Exercise materials
(* Let $V$ be a real vector space and $C$ a cone in $V$. Assume that $X$ and $Y$ are decomposably $C$-antichain-convex subsets of $V$ that are disjoint. (1) If $X$ is $C$-upward, then $\operatorname{co}(X)$ and $\operatorname{co}(Y)$ are disjoint. (2) If $X$ is $C$-downward, then $\operatorname{co}(X)$ and $\operatorname{co}(Y)$ are disjoint.
   Context: A cone in a real vector space $V$ is a subset $C$ with $\lambda C\subseteq C$ for all $\lambda>0$ (it may be empty and need not contain $0$). A subset $S\subseteq V$ is $C$-antichain-convex iff for all $x,y\in S$ and $\lambda\in[0,1]$ with $y-x\notin C\cup(-C)$ one has $\lambda x+(1-\lambda)y\in S$. $S$ is decomposably $C$-antichain-convex iff $S=S_1+\dots+S_n$ (Minkowski sum) for finitely many $C$-antichain-convex subsets $S_i$ of $V$. $S$ is $C$-upward iff $x\in S$, $y\in V$... precisely: iff for all $x\in S$ and $y$ with $y-x\in C$ one has $y\in S$ (equivalently $S+C\subseteq S$); $S$ is $C$-downward iff for all $x\in S$ and $y$ with $x-y\in C$ one has $y\in S$. $\operatorname{co}$ denotes the convex hull. *)

From HB Require Import structures.
From mathcomp Require Import all_boot all_order all_algebra.
From mathcomp Require Import boolp classical_sets reals.
Set Implicit Arguments. Unset Strict Implicit. Unset Printing Implicit Defensive.
Import Order.TTheory GRing.Theory Num.Theory.
Local Open Scope classical_set_scope.
Local Open Scope ring_scope.

Section Defs.
Context {R : realType} {V : lmodType R}.

(* A cone: closed under multiplication by positive scalars (may be empty,
   need not contain 0). *)
Definition is_cone (C : set V) : Prop :=
  forall (l : R) (x : V), 0 < l -> C x -> C (l *: x).

Definition negset (C : set V) : set V := [set x | C (- x)].

Definition antichain_convex (C : set V) (S : set V) : Prop :=
  forall (x y : V) (l : R), S x -> S y ->
    ~ (C `|` negset C) (y - x) -> 0 <= l <= 1 ->
    S (l *: x + (1 - l) *: y).

Definition msum (A B : set V) : set V :=
  [set z | exists a b, A a /\ B b /\ z = a + b].

Definition msum_list (l : seq (set V)) : set V :=
  foldr msum [set 0] l.

Definition decomp_antichain_convex (C : set V) (S : set V) : Prop :=
  exists l : seq (set V), (0 < size l)%N /\
    (forall A, A \in l -> antichain_convex C A) /\ S = msum_list l.

Definition upward (C : set V) (S : set V) : Prop :=
  forall x y, S x -> C (y - x) -> S y.

Definition downward (C : set V) (S : set V) : Prop :=
  forall x y, S x -> C (x - y) -> S y.

Definition conv (S : set V) : set V :=
  [set z | exists (n : nat) (w : 'I_n -> R) (p : 'I_n -> V),
     (forall i, 0 <= w i) /\ \sum_(i < n) w i = 1 /\
     (forall i, S (p i)) /\ z = \sum_(i < n) w i *: p i].

End Defs.

(* Call a set T dominated-convex for a convex cone D if every convex combination of two points
   of T lies D-below some point of T.  An antichain-convex set is dominated-convex for the convex
   cone K generated by C: if two points are comparable, the larger one dominates the whole segment,
   and otherwise the segment stays inside the set.  Dominated-convexity is preserved by Minkowski
   sums and passes to the convex hull, so every z in co(Y) lies K-below a point y of Y and, by the
   same argument for -C, K-above a point x of X.  Then y - x lies in K and, X being C-upward
   (hence K-upward), y lies in X, contradicting X ∩ Y = ∅.  Downward sets are upward for -C. *)

From HB Require Import structures.
From mathcomp Require Import all_boot all_order all_algebra.
From mathcomp Require Import boolp classical_sets reals.
From mathcomp Require Import ring.
Set Implicit Arguments. Unset Strict Implicit. Unset Printing Implicit Defensive.
Import Order.TTheory GRing.Theory Num.Theory.
Local Open Scope classical_set_scope.
Local Open Scope ring_scope.

Section Convexity.
Variables (R : realType) (V : lmodType R).

Lemma subr_combr (a b : V) (l : R) :
  b - (l *: a + (1 - l) *: b) = l *: (b - a).
Proof.
by rewrite scalerBl scale1r addrCA opprD addrA subrr add0r opprB scalerBr addrC.
Qed.

Lemma subr_combl (a b : V) (l : R) :
  a - (l *: a + (1 - l) *: b) = (1 - l) *: (a - b).
Proof. by rewrite -subr_combr subKr (addrC (l *: a)). Qed.

Definition convex (E : set V) : Prop :=
  forall (a b : V) (l : R), E a -> E b -> 0 <= l <= 1 -> E (l *: a + (1 - l) *: b).

Lemma convex_normalized_comb (E : set V) : convex E ->
  forall n (w : 'I_n -> R) (p : 'I_n -> V),
  (forall i, 0 <= w i) -> (forall i, E (p i)) -> 0 < \sum_(i < n) w i ->
  E ((\sum_(i < n) w i)^-1 *: \sum_(i < n) w i *: p i).
Proof.
move=> cvxE; elim=> [|n IHn] w p w_ge0 Ep; first by rewrite big_ord0 ltxx.
rewrite !big_ord_recr /=.
set s' := \sum_(i < n) w (widen_ord (leqnSn n) i).
set S' := \sum_(i < n) w (widen_ord (leqnSn n) i) *: p (widen_ord (leqnSn n) i).
set wn := w ord_max => s_gt0.
have wn_ge0 : 0 <= wn := w_ge0 ord_max.
have [s'0|s'_neq0] := eqVneq s' 0.
  have S'0 : S' = 0.
    apply: big1 => i _.
    by rewrite (psumr_eq0P (fun j _ => w_ge0 (widen_ord (leqnSn n) j)) s'0) ?scale0r.
  rewrite S'0 s'0 !add0r in s_gt0 *.
  by rewrite scalerA mulVf ?scale1r ?gt_eqF.
have s'_gt0 : 0 < s' by rewrite lt_def s'_neq0 sumr_ge0.
have ES' := IHn (fun i => w (widen_ord (leqnSn n) i)) (fun i => p (widen_ord (leqnSn n) i))
  (fun i => w_ge0 _) (fun i => Ep _) s'_gt0.
have -> : (s' + wn)^-1 *: (S' + wn *: p ord_max) =
    (wn / (s' + wn)) *: p ord_max + (1 - wn / (s' + wn)) *: (s'^-1 *: S').
  rewrite scalerA [in RHS]addrC scalerDr scalerA mulrC; congr (_ *: _ + _).
  by field; rewrite s'_neq0 gt_eqF.
apply: cvxE => //.
by rewrite divr_ge0 ?(ltW s_gt0) //= ler_pdivrMr // mul1r lerDr ltW.
Qed.

Lemma conv_sub_convex (T E : set V) : convex E -> T `<=` E -> conv T `<=` E.
Proof.
move=> cvxE TE z [n [w [p [w_ge0 [w1 [Tp ->]]]]]].
have := convex_normalized_comb cvxE w_ge0 (fun i => TE _ (Tp i)).
by rewrite w1 invr1 scale1r; apply; rewrite ltr01.
Qed.

End Convexity.

Section Domination.
Variables (R : realType) (V : lmodType R) (D : set V).
Hypothesis D0 : D 0.
Hypothesis DD : forall a b, D a -> D b -> D (a + b).
Hypothesis DZ : forall (l : R) d, 0 <= l -> D d -> D (l *: d).

Definition dominated (T : set V) : set V := [set z | exists2 t, T t & D (t - z)].

Definition dominated_convex (T : set V) : Prop :=
  forall a b (l : R), T a -> T b -> 0 <= l <= 1 -> dominated T (l *: a + (1 - l) *: b).

Lemma sub_dominated (T : set V) : T `<=` dominated T.
Proof. by move=> t Tt; exists t; rewrite ?subrr. Qed.

Lemma convex_dominated (T : set V) : dominated_convex T -> convex (dominated T).
Proof.
move=> domT a b l [ta Tta Dta] [tb Ttb Dtb] /[dup] l01 /andP[l_ge0 l_le1].
have [t Tt Dt] := domT _ _ _ Tta Ttb l01.
exists t => //.
have -> : t - (l *: a + (1 - l) *: b) =
    t - (l *: ta + (1 - l) *: tb) + (l *: (ta - a) + (1 - l) *: (tb - b)).
  by rewrite !scalerBr [X in _ = _ + X]addrACA -opprD addrA subrK.
by apply/DD/DD => //; apply: DZ; rewrite ?subr_ge0.
Qed.

Lemma conv_dominated (T : set V) : dominated_convex T -> conv T `<=` dominated T.
Proof. by move=> domT; apply: conv_sub_convex (convex_dominated domT) (@sub_dominated T). Qed.

Lemma dominated_convex_msum (A B : set V) :
  dominated_convex A -> dominated_convex B -> dominated_convex (msum A B).
Proof.
move=> domA domB _ _ l [a1 [b1 [Aa1 [Bb1 ->]]]] [a2 [b2 [Aa2 [Bb2 ->]]]] l01.
have [ta Ata Dta] := domA _ _ _ Aa1 Aa2 l01.
have [tb Btb Dtb] := domB _ _ _ Bb1 Bb2 l01.
exists (ta + tb); first by exists ta, tb.
have -> : ta + tb - (l *: (a1 + b1) + (1 - l) *: (a2 + b2)) =
    (ta - (l *: a1 + (1 - l) *: a2)) + (tb - (l *: b1 + (1 - l) *: b2)).
  by rewrite !scalerDr (addrACA (l *: a1)) opprD addrACA.
exact: DD.
Qed.

Lemma dominated_convex_msum_list (s : seq (set V)) :
  (forall A, A \in s -> dominated_convex A) -> dominated_convex (msum_list s).
Proof.
elim: s => [|A s IHs] doms /=.
  by move=> _ _ l -> -> _; apply: sub_dominated; rewrite !scaler0 addr0.
apply: dominated_convex_msum; first by apply: doms; rewrite mem_head.
by apply: IHs => B sB; apply: doms; rewrite in_cons sB orbT.
Qed.

Lemma antichain_convex_dominated (C T : set V) :
  C `<=` D -> antichain_convex C T -> dominated_convex T.
Proof.
move=> CD acT a b l Ta Tb /[dup] l01 /andP[l_ge0 l_le1].
have [Cba|nCba] := pselect (C (b - a)).
  by exists b; rewrite // subr_combr; apply/DZ/CD.
have [Cab|nCab] := pselect (C (a - b)).
  by exists a; rewrite // subr_combl; apply/DZ/CD; rewrite ?subr_ge0.
apply: sub_dominated; apply: acT => //.
by case=> //; rewrite /negset /= opprB.
Qed.

Lemma decomp_antichain_convex_dominated (C T : set V) :
  C `<=` D -> decomp_antichain_convex C T -> dominated_convex T.
Proof.
move=> CD [s [_ [acs ->]]].
by apply: dominated_convex_msum_list => A sA; exact: antichain_convex_dominated (acs A sA).
Qed.

End Domination.

Section ConicHull.
Variables (R : realType) (V : lmodType R) (C : set V).

(* The additive monoid generated by C; for a cone C this is the convex cone spanned by C and 0. *)
Inductive conic_hull : set V :=
| conic_hull0 : conic_hull 0
| conic_hullDl c k : C c -> conic_hull k -> conic_hull (c + k).

Lemma sub_conic_hull : C `<=` conic_hull.
Proof. by move=> c Cc; rewrite -[c]addr0; apply: conic_hullDl => //; apply: conic_hull0. Qed.

Lemma conic_hullD a b : conic_hull a -> conic_hull b -> conic_hull (a + b).
Proof.
elim=> [|c k Cc _ IHk] hull_b; first by rewrite add0r.
by rewrite -addrA; apply: conic_hullDl => //; apply: IHk.
Qed.

Lemma conic_hullZ : is_cone C -> forall (l : R) k, 0 <= l -> conic_hull k -> conic_hull (l *: k).
Proof.
move=> coneC l k; rewrite le_eqVlt => /predU1P[<- _|l_gt0].
  by rewrite scale0r; apply: conic_hull0.
elim=> [|c k' Cc _ IHk]; first by rewrite scaler0; apply: conic_hull0.
by rewrite scalerDr; apply: conic_hullDl => //; apply: coneC.
Qed.

Lemma upward_conic_hull (X : set V) : upward C X -> upward conic_hull X.
Proof.
move=> upX x y Xx hull_yx; rewrite -(subrK x y) addrC.
elim: hull_yx => [|c k Cc _ Xxk]; first by rewrite addr0.
by apply: upX Xxk _; rewrite addrCA addrK.
Qed.

Lemma conv_dominated_conic_hull (T : set V) : is_cone C ->
  decomp_antichain_convex C T -> conv T `<=` dominated conic_hull T.
Proof.
move=> coneC decT.
have hull0 := conic_hull0; have hullD := conic_hullD; have hullZ := conic_hullZ coneC.
apply: (conv_dominated hull0 hullD hullZ).
exact: (decomp_antichain_convex_dominated hull0 hullD hullZ sub_conic_hull decT).
Qed.

End ConicHull.

Section Negation.
Variables (R : realType) (V : lmodType R) (C : set V).

Lemma is_cone_negset : is_cone C -> is_cone (negset C).
Proof. by move=> coneC l x l_gt0 Cx; rewrite /negset /= -scalerN; apply: coneC. Qed.

Lemma antichain_convex_negset (S : set V) :
  antichain_convex C S -> antichain_convex (negset C) S.
Proof.
move=> acS x y l Sx Sy ncomp; apply: acS => // -[Cyx|Cxy]; apply: ncomp.
  by right; rewrite /negset /= opprK.
by left.
Qed.

Lemma decomp_antichain_convex_negset (S : set V) :
  decomp_antichain_convex C S -> decomp_antichain_convex (negset C) S.
Proof.
move=> [s [s_gt0 [acs eS]]]; exists s; split=> //; split=> // A sA.
by apply: antichain_convex_negset; apply: acs.
Qed.

Lemma upward_negset (X : set V) : downward C X -> upward (negset C) X.
Proof. by move=> dnX x y Xx; rewrite /negset /= opprB; apply: dnX. Qed.

Lemma conic_hull_negset v : conic_hull (negset C) v -> conic_hull C (- v).
Proof.
elim=> [|c k Cc _ IHk]; first by rewrite oppr0; apply: conic_hull0.
by rewrite opprD; apply: conic_hullDl.
Qed.

End Negation.

Lemma conv_disjoint_upward (R : realType) (V : lmodType R) (C X Y : set V) :
  is_cone C -> decomp_antichain_convex C X -> decomp_antichain_convex C Y ->
  X `&` Y = set0 -> upward C X -> conv X `&` conv Y = set0.
Proof.
move=> coneC decX decY XY0 upX; apply/seteqP; split=> // z [cXz cYz].
have [y Yy hull_yz] := conv_dominated_conic_hull coneC decY cYz.
have [x Xx hull_xz] := conv_dominated_conic_hull (is_cone_negset coneC)
  (decomp_antichain_convex_negset decX) cXz.
have Xy : X y.
  apply: upward_conic_hull upX _ _ Xx _.
  rewrite -(subrKA z); apply: conic_hullD hull_yz _.
  by rewrite -opprB; apply: conic_hull_negset.
by have : (X `&` Y) y by []; rewrite XY0.
Qed.

Theorem theorem6 (R : realType) (V : lmodType R) (C X Y : set V) :
  is_cone C ->
  decomp_antichain_convex C X -> decomp_antichain_convex C Y ->
  X `&` Y = set0 ->
  (upward C X -> conv X `&` conv Y = set0) /\
  (downward C X -> conv X `&` conv Y = set0).
Proof.
move=> coneC decX decY XY0; split; first exact: conv_disjoint_upward.
move=> /upward_negset; apply: conv_disjoint_upward XY0.
- exact: is_cone_negset.
- exact: decomp_antichain_convex_negset.
- exact: decomp_antichain_convex_negset.
Qed.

What to do
What you give back should be exactly the lines of the data above from the line with "(hence K-upward), y" through the line with "forall n (w", both of those included, and nothing more.

Reply to the task
   (hence K-upward), y lies in X, contradicting X ∩ Y = ∅.  Downward sets are upward for -C. *)

From HB Require Import structures.
From mathcomp Require Import all_boot all_order all_algebra.
From mathcomp Require Import boolp classical_sets reals.
From mathcomp Require Import ring.
Set Implicit Arguments. Unset Strict Implicit. Unset Printing Implicit Defensive.
Import Order.TTheory GRing.Theory Num.Theory.
Local Open Scope classical_set_scope.
Local Open Scope ring_scope.

Section Convexity.
Variables (R : realType) (V : lmodType R).

Lemma subr_combr (a b : V) (l : R) :
  b - (l *: a + (1 - l) *: b) = l *: (b - a).
Proof.
by rewrite scalerBl scale1r addrCA opprD addrA subrr add0r opprB scalerBr addrC.
Qed.

Lemma subr_combl (a b : V) (l : R) :
  a - (l *: a + (1 - l) *: b) = (1 - l) *: (a - b).
Proof. by rewrite -subr_combr subKr (addrC (l *: a)). Qed.

Definition convex (E : set V) : Prop :=
  forall (a b : V) (l : R), E a -> E b -> 0 <= l <= 1 -> E (l *: a + (1 - l) *: b).

Lemma convex_normalized_comb (E : set V) : convex E ->
  forall n (w : 'I_n -> R) (p : 'I_n -> V),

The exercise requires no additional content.